Score % Rating Action
90+ Excellent Sustain
80 to 89 Good Minor improvements
70 to 79 Average Targeted improvements
60 to 69 Weak Action plan within 30 days
Below 60 Critical Head of office to convene review

Common public authority mistakes

  • No internal audit at all — first time the public authority sees the gaps is during CAG audit.
  • Audit by the same team that runs RTI — conflict of interest.
  • Audit with no evidence — checking yes/no without documents.
  • Audit findings not closed — same observations year after year.
  • No publication of audit report — citizens don't see it; Commission has nothing to track.

Frequently asked questions

Is the audit mandatory by law?

The Act does not name an “audit” but the Section 25 return, Section 4 sign-off, and CAG performance audit collectively make internal audit a practical necessity.

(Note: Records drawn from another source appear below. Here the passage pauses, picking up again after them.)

Lemma Cs_add_gmove s v a : s < ub w1 w2 c -> Cs w1 w2 c s v ->
  Cs w1 w2 c (s + 1) (v + gmove a (fun i => 0 < ent v (2 * k + i)%N)).
Proof.
move=> su hv; have [V _ E2 E3] := Cs_eqs hv.
split; last by rewrite entD ent_gmove_4k hv.2.
apply: in_fiberD; [exact: hv.1 | exact: gmove_ker |].
have ub0 := negnorm_ge0 w2; rewrite /ub in su.
apply: coord_ind => [i ik||| n hn]; rewrite ?entD; last 3 first.
- by rewrite ent_gmove_4k; have := V (4 * k)%N; lia.
- by rewrite ent_gmove_4k1; lia.
- by rewrite !ent_out ?addr0.
have [m1 m2 m3 m4] := ent_gmove_blk a (fun i => 0 < ent v (2 * k + i)%N) _ ik.
rewrite m1 m2 m3 m4 /=.
have := E2 i ik; have := negnorm_ge w2 _ ik; have := V i; have := V (k + i)%N.
have := V (2 * k + i)%N; have := V (3 * k + i)%N.
by case: ltP; case: (a i) => /=; split; lia.
Qed.

Lemma Cs_nbrs_down s v : lb w1 w2 c < s -> Cs w1 w2 c s v ->
  exists us : seq 'cV[int]_(4 * k + 2), uniq us /\ size us = (2 ^ k)%N /\
    (forall u, u \in us -> nbr_in w1 w2 c (s - 1) v u).
Proof.
move=> ls hv; pose g (t : k.-tuple bool) := - gmove (fun i => 0 < ent v i) (nth false t).
have g_inj : injective g by move=> t1 t2 /oppr_inj /gmove_injr.
have [||us [uq [sz nbr]]] := graver_nbr_seq (A_k k) (Cs w1 w2 c (s - 1)) v g_inj.
- by move=> t; apply/graverN/gmove_graver.
- by move=> t; apply: Cs_sub_gmove.
by exists us; rewrite sz card_tuple card_bool.
Qed.

Lemma Cs_nbrs_up s v : s < ub w1 w2 c -> Cs w1 w2 c s v ->
  exists us : seq 'cV[int]_(4 * k + 2), uniq us /\ size us = (2 ^ k)%N /\
    (forall u, u \in us -> nbr_in w1 w2 c (s + 1) v u).
Proof.
move=> su hv; have [||us [uq [sz nbr]]] := graver_nbr_seq (A_k k) (Cs w1 w2 c (s + 1)) v (gmove_injl (fun i => 0 < ent v (2 * k + i)%N)).
- by move=> t; apply: gmove_graver.
- by move=> t; apply: Cs_add_gmove.
by exists us; rewrite sz card_tuple card_bool.
Qed.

Who pays for an external audit?

External audit (CAG, peer-review by another department, civil-society audit) is funded by the audit authority's budget. Internal audit is by the public authority's own staff.

How long does an audit take?

Two to three weeks in a small office; six weeks in a large ministry.

Can a third-party agency audit us?

Yes — many ministries engage civil-society partners (e.g. CHRI, RAAG) for independent scoring.

What if we score below 60%?

The head of office must convene a review and produce a 30-day action plan.

Do we publish the audit report?

Yes, with redactions for sensitive personnel matters.

Does the Commission accept our audit as evidence?

Yes. Commissions look favourably on public authorities that maintain internal audit and produce findings.

Sources

  • The Right to Information Act, 2005 — Sections 4, 5, 6 to 11, 19, 20, 25.
  • Department of Personnel and Training, rti.gov.in — guidance.
  • Comptroller and Auditor General, cag.gov.in — performance audits.
  • Central Information Commission, cic.gov.in — illustrative directions.